Développer la littératie des tout-petits, un investissement rentable pour la société
Selon la Fondation pour l'alphabétisation, plus de la moitié de la population québécoise n’est pas en mesure de comprendre des textes longs et complexes, un phénomène qui comporte son lot de conséquences. Pour faire face à ce défi, une stratégie gagnante consiste à soutenir le développement de la littératie dès la petite enfance. On en discute avec l’économiste Pierre Langlois et la professeure Julie Myre Bisaillon.

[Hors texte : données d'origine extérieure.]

(* Let $f=a_1+2a_2+4a_3+8a_4\in\mathcal{GB}_n^{16}$ with $a_1,a_2,a_3,a_4\in\mathcal{B}_n$. Then $f$ is gbent if and only if: (i) when $n$ is even: for all $c_1,c_2,c_3\in\mathbb{F}_2$ the Boolean function $c_1a_1\oplus c_2a_2\oplus c_3a_3\oplus a_4$ is bent, and for all $\mathbf{u}\in\mathbb{F}_2^n$ $$\mathcal{W}_{a_4}(\mathbf{u})\mathcal{W}_{a_2\oplus a_4}(\mathbf{u})=\mathcal{W}_{a_3\oplus a_4}(\mathbf{u})\mathcal{W}_{a_2\oplus a_3\oplus a_4}(\mathbf{u})=\mathcal{W}_{a_1\oplus a_4}(\mathbf{u})\mathcal{W}_{a_1\oplus a_2\oplus a_4}(\mathbf{u})=\mathcal{W}_{a_1\oplus a_3\oplus a_4}(\mathbf{u})\mathcal{W}_{a_1\oplus a_2\oplus a_3\oplus a_4}(\mathbf{u})$$ and $\mathcal{W}_{a_4}(\mathbf{u})\mathcal{W}_{a_3\oplus a_4}(\mathbf{u})=\mathcal{W}_{a_1\oplus a_4}(\mathbf{u})\mathcal{W}_{a_1\oplus a_3\oplus a_4}(\mathbf{u})$; (ii) when $n$ is odd: for all $c_1,c_2,c_3\in\mathbb{F}_2$ the Boolean function $c_1a_1\oplus c_2a_2\oplus c_3a_3\oplus a_4$ is semibent, and for every $\mathbf{u}\in\mathbb{F}_2^n$ one of the following holds: either $\mathcal{W}_{a_4}(\mathbf{u})\mathcal{W}_{a_2\oplus a_4}(\mathbf{u})=\mathcal{W}_{a_1\oplus a_4}(\mathbf{u})\mathcal{W}_{a_1\oplus a_2\oplus a_4}(\mathbf{u})=\pm2^{n+1}$ and $\mathcal{W}_{a_3\oplus a_4}(\mathbf{u})=\mathcal{W}_{a_2\oplus a_3\oplus a_4}(\mathbf{u})=\mathcal{W}_{a_1\oplus a_3\oplus a_4}(\mathbf{u})=\mathcal{W}_{a_1\oplus a_2\oplus a_3\oplus a_4}(\mathbf{u})=0$; or $\mathcal{W}_{a_4}(\mathbf{u})=\mathcal{W}_{a_2\oplus a_4}(\mathbf{u})=\mathcal{W}_{a_1\oplus a_4}(\mathbf{u})=\mathcal{W}_{a_1\oplus a_2\oplus a_4}(\mathbf{u})=0$ and $\mathcal{W}_{a_3\oplus a_4}(\mathbf{u})\mathcal{W}_{a_2\oplus a_3\oplus a_4}(\mathbf{u})=\mathcal{W}_{a_1\oplus a_3\oplus a_4}(\mathbf{u})\mathcal{W}_{a_1\oplus a_2\oplus a_3\oplus a_4}(\mathbf{u})=\pm2^{n+1}$.
   Context: $\mathcal{B}_n$: Boolean functions $\mathbb{F}_2^n\to\mathbb{F}_2$; $\mathcal{GB}_n^q$: functions $\mathbb{F}_2^n\to\mathbb{Z}_q$; in $a_1+2a_2+4a_3+8a_4$ the values $0,1$ are viewed as integers and the sum is taken in $\mathbb{Z}_{16}$, while $\oplus$ is addition in $\mathbb{F}_2$. Walsh–Hadamard transform: $\mathcal{W}_g(\mathbf{u})=\sum_{\mathbf{x}\in\mathbb{F}_2^n}(-1)^{g(\mathbf{x})+\mathbf{u}\cdot\mathbf{x}}$. Generalized Walsh–Hadamard transform: $\mathcal{H}^{(q)}_f(\mathbf{u})=\sum_{\mathbf{x}}\zeta_q^{f(\mathbf{x})}(-1)^{\mathbf{u}\cdot\mathbf{x}}$, $\zeta_q=e^{2\pi i/q}$. $f\in\mathcal{GB}_n^q$ is gbent if $|\mathcal{H}^{(q)}_f(\mathbf{u})|=2^{n/2}$ for all $\mathbf{u}$. $g\in\mathcal{B}_n$ is bent if $|\mathcal{W}_g(\mathbf{u})|=2^{n/2}$ for all $\mathbf{u}$; $g$ is semibent if $|\mathcal{W}_g(\mathbf{u})|\in\{0,2^{(n+1)/2}\}$ for all $\mathbf{u}$ when $n$ is odd, resp. $\{0,2^{(n+2)/2}\}$ when $n$ is even. *)

From HB Require Import structures.
From mathcomp Require Import all_boot all_order all_algebra all_field.
Set Implicit Arguments. Unset Strict Implicit. Unset Printing Implicit Defensive.
Import Order.TTheory GRing.Theory Num.Theory.
Local Open Scope ring_scope.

La littératie est la capacité à comprendre et à communiquer de l’information par le langage sur différents supports afin d’être en mesure de participer activement à la société.1 Selon les plus récents résultats du Programme pour l’évaluation internationale des compétences des adultes, une initiative de l’Organisation de coopération et de développement économiques (OCDE), plus de la moitié (51,6 %) de la population québécoise âgée entre 16 et 65 ans n’atteignait pas le niveau 3 en littératie en 2021, soit le seuil jugé nécessaire pour comprendre des textes longs et complexes2.
Déjouer la spirale de la précarité
Ce phénomène a d’importantes conséquences économiques. Selon l’économiste Pierre Langlois, les défis de littératie alimentent d’autres problèmes, tels que les enjeux de pauvreté, et créent une spirale de précarité sociale et économique.
Agir tôt, une bonne stratégie pour contrer le décrochage scolaire
Selon un rapport de la Fondation pour l’alphabétisation, 424 000 personnes se trouvaient dans une spirale de précarité au Québec en 2022, soit 6,13 % de la population.
Pour prévenir ces problèmes, il importe d’agir tôt. Selon la Société canadienne de pédiatrie, l’exposition des tout-petits aux livres dès un très jeune âge favoriserait l’éveil à la lecture et se traduirait par de meilleures habiletés en lecture et en écriture plus tard à l'école5. Il s’agirait ainsi d’une bonne stratégie pour contrer le décrochage scolaire, dont le coût global au Québec a été évalué à près de 14 milliards $ par année par le professeur en économie Frédéric Laurin6.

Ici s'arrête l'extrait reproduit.